Last week’s tothesource column was a critique of Richard Dawkins’ condemnation of the politically incorrect God of the Old Testament. (Bottom line: Dawkins elsewhere describes the world as indifferent to good and evil; this leaves him no basis for condemning God or anything else.) The article cited Dawkins’ 1996 book, River Out of Eden, whose title is an obvious reference to the Old Testament he now so despises.

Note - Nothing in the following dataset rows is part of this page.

(* Both [xi b] and an arbitrary D-homomorphism [phi] are C[lambda]-linear
   extensions of their values on monomials.  Compatibility with d/dlambda forces
   the values on [x^u] to be [c_(u + k a0) (-l0)^k / k!] with [c_w] the constant
   term on [x^w], and vanishing on [D_i x^w] is, by independence of the [a_j],
   the recursion [t_q c_w + l_q c_(w + a_q) = 0] where [t] are the cone coordinates
   of [w].  The coefficients [g^(b)] solve this recursion, which is how [xi b]
   kills [D_i S].  A solution vanishing on [B] vanishes on [M], by induction on the
   coordinate sum (stepping from [w] down to [w - a_q] when [t_q >= 1]); hence
   [c = sum_b c_b g^(b)] and [phi = sum_b c_b xi_b].  Independence follows from
   [xi_b(x^b') = delta_(b b')] at [lambda = 0]. *)

Section PowerSeries.
Variable C : numClosedFieldType.
Implicit Types (p q : {poly C}) (F G : pseries C).

Definition pstrunc (K : nat) F : {poly C} := \poly_(i < K.+1) F i.

Lemma pscale_truncE p F k K : (k <= K)%N -> pscale p F k = (p * pstrunc K F)`_k.
Proof.
move=> leK; rewrite coefM; apply: eq_bigr => i _.
by rewrite coef_poly ifT // ltnS (leq_trans (leq_subr _ _) leK).
Qed.

Lemma eq_pscale p F G k : (forall j, (j <= k)%N -> F j = G j) ->
  pscale p F k = pscale p G k.
Proof. by move=> eqFG; apply: eq_bigr => i _; rewrite eqFG // leq_subr. Qed.

Lemma pscaleDl p q F k : pscale (p + q) F k = pscale p F k + pscale q F k.
Proof. by rewrite /pscale -big_split; apply: eq_bigr => i _; rewrite coefD mulrDl. Qed.

Lemma pscaleNl p F k : pscale (- p) F k = - pscale p F k.
Proof. by rewrite /pscale -sumrN; apply: eq_bigr => i _; rewrite coefN mulNr. Qed.

Lemma pscaleDr p F G k :
  pscale p (fun j => F j + G j) k = pscale p F k + pscale p G k.
Proof. by rewrite /pscale -big_split; apply: eq_bigr => i _; rewrite mulrDr. Qed.

Lemma pscaleNr p F k : pscale p (fun j => - F j) k = - pscale p F k.
Proof. by rewrite /pscale -sumrN; apply: eq_bigr => i _; rewrite mulrN. Qed.

Lemma pscale0r p k : pscale p (fun _ => 0) k = 0.
Proof. by rewrite /pscale big1 // => i _; rewrite mulr0. Qed.

Lemma pscaleZr p c F k : pscale p (fun j => c * F j) k = c * pscale p F k.
Proof. by rewrite /pscale mulr_sumr; apply: eq_bigr => i _; rewrite mulrCA. Qed.

Lemma pscale_sumr p (I : Type) (r : seq I) (P : pred I) (Fs : I -> pseries C) k :
  pscale p (fun j => \sum_(i <- r | P i) Fs i j) k =
  \sum_(i <- r | P i) pscale p (Fs i) k.
Proof. by rewrite /pscale; under eq_bigr do rewrite mulr_sumr; exact: exchange_big. Qed.

Lemma pscaleM p q F k : pscale (p * q) F k = pscale p (pscale q F) k.
Proof.
rewrite (pscale_truncE _ _ (leqnn k)) -mulrA coefM; apply: eq_bigr => i _.
by rewrite (pscale_truncE q F (leq_subr i k)).
Qed.

Lemma pscaleC c F k : pscale c%:P F k = c * F k.
Proof.
rewrite /pscale big_ord_recl coefC subn0 big1 ?addr0 // => i _.
by rewrite coefC mul0r.
Qed.

Lemma pscale1 F k : pscale 1 F k = F k.
Proof. by rewrite -polyC1 pscaleC mul1r. Qed.

Lemma pscaleCMl c p F k :
  pscale (c%:P * p) F k = pscale p (fun j => c * F j) k.
Proof. by rewrite mulrC pscaleM; apply: eq_pscale => j _; rewrite pscaleC. Qed.

Lemma pscale_intrMl (z : int) p F k :
  pscale (z%:~R * p) F k = pscale p (fun j => z%:~R * F j) k.
Proof. by rewrite -(rmorph_int (@polyC C)) pscaleCMl. Qed.

Lemma pscaleX F k : pscale 'X F k = if k is k'.+1 then F k' else 0.
Proof.
rewrite (pscale_truncE _ _ (leqnn k)) mulrC coefMX; case: k => [//|k] /=.
by rewrite coef_poly ltnS leqnSn.
Qed.

Lemma psderiv_pscale p F k :
  psderiv (pscale p F) k = pscale p^`() F k + pscale p (psderiv F) k.
Proof.
rewrite /psderiv (pscale_truncE _ _ (leqnSn k)) (pscale_truncE _ _ (leqnn k.+1)).
rewrite mulr_natr -coef_deriv derivM coefD; congr (_ + _).
rewrite !coefM; apply: eq_bigr => i _; congr (_ * _).
rewrite coef_deriv coef_poly ifT ?mulr_natr // !ltnS.
by rewrite (leq_trans (leq_subr _ _)) // -ltnS ltn_ord.
Qed.

End PowerSeries.

Section LinearExtension.
Variables (C : numClosedFieldType) (n : nat) (H : 'rV[int]_n -> pseries C).
Implicit Types (p : {poly C}) (s t : Lpoly C n).

Definition linext s : pseries C :=
  fun k => \sum_(u <- msupp s) pscale s@_u (H u) k.

Lemma linextEw (d : {fset 'rV[int]_n}) s k : (msupp s `<=` d)%fset ->
  linext s k = \sum_(u <- d) pscale s@_u (H u) k.
Proof.
move=> le_sd; rewrite /linext (big_fset_incl _ le_sd) // => u _ /mcoeff_outdom ->.
by rewrite -[0]polyC0 pscaleC mul0r.
Qed.

Lemma linextB s t k : linext (s - t) k = linext s k - linext t k.
Proof.
have le_s := fsubsetUl (msupp s) (msupp t).
have le_t := fsubsetUr (msupp s) (msupp t).
rewrite (linextEw k (msuppB_le s t)) (linextEw k le_s) (linextEw k le_t).
by rewrite -sumrB; apply: eq_bigr => u _; rewrite mcoeffB pscaleDl pscaleNl.
Qed.

Definition linext_at k s := linext s k.
HB.instance Definition _ k := GRing.isZmodMorphism.Build (Lpoly C n) C (linext_at k)
  (fun s t => linextB s t k).

Lemma linextD s t k : linext (s + t) k = linext s k + linext t k.
Proof. exact: (raddfD (linext_at k)). Qed.

Lemma linext_sum (I : Type) (r : seq I) (P : pred I) (F : I -> Lpoly C n) k :
  linext (\sum_(i <- r | P i) F i) k = \sum_(i <- r | P i) linext (F i) k.
Proof. exact: (raddf_sum (linext_at k)). Qed.

Lemma linextZ p s k : linext (p *: s) k = pscale p (linext s) k.
Proof.
rewrite (linextEw k (msuppZ_le p s)) /linext pscale_sumr.
by apply: eq_bigr => u _; rewrite mcoeffZ pscaleM.
Qed.

Lemma linextU p u k : linext << p *g u >> k = pscale p (H u) k.
Proof. by rewrite (linextEw k msuppU_le) big_seq_fset1 mcoeffUU. Qed.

While doing some number crunching, I listened to The Turning, the 1987 album by Leslie Phillips (who later re-christened herself Sam Phillips). This album was her first collaboration with producer (and later husband) T Bone Burnett. The first song on the album is Burnett’s “River of Love,” which begins with the line, “There's a river of love that runs through all times.” The line itself winds through the song like a river, repeated before each verse and again at the end of the song. The song’s three verses are about different sorts of rivers – rivers of grief, tears, and fire, respectively. Each of these rivers is evoked in detail, unlike the river of love. Yet, when each verse ends, the river of love is still flowing. As if to reinforce the song in my mind, I heard it again the next day on Burnett’s own self-titled album of 1986.

The boom box on which I listened to these CDs at work is showing its age. Before I can play a CD, I need to hit the play button repeatedly for a minute or two. Recently, while waiting for a CD to start playing, I have been working my way through Stephen Mitchell’s translation of the Tao Te Ching. Chapter 34, which I read last week, begins with the image of the Tao as a flooding river. It flows everywhere, nourishing all, yet without exalting its own role.

Upon creating man, God placed him in Paradise, which was watered by the river. After our first ancestors’ expulsion from Paradise, their descendants clung to the river, eventually spreading south into Mesopotamia along two of the river’s branches. Though they were deprived of Paradise itself, they still had the river that had sustained their life in Eden. Though fallen, they were not deprived entirely of God’s love for them. Likewise, as we work our way through Lent, continually reminded of our fallen state, we are nourished by signs of God’s love, flowing through it all.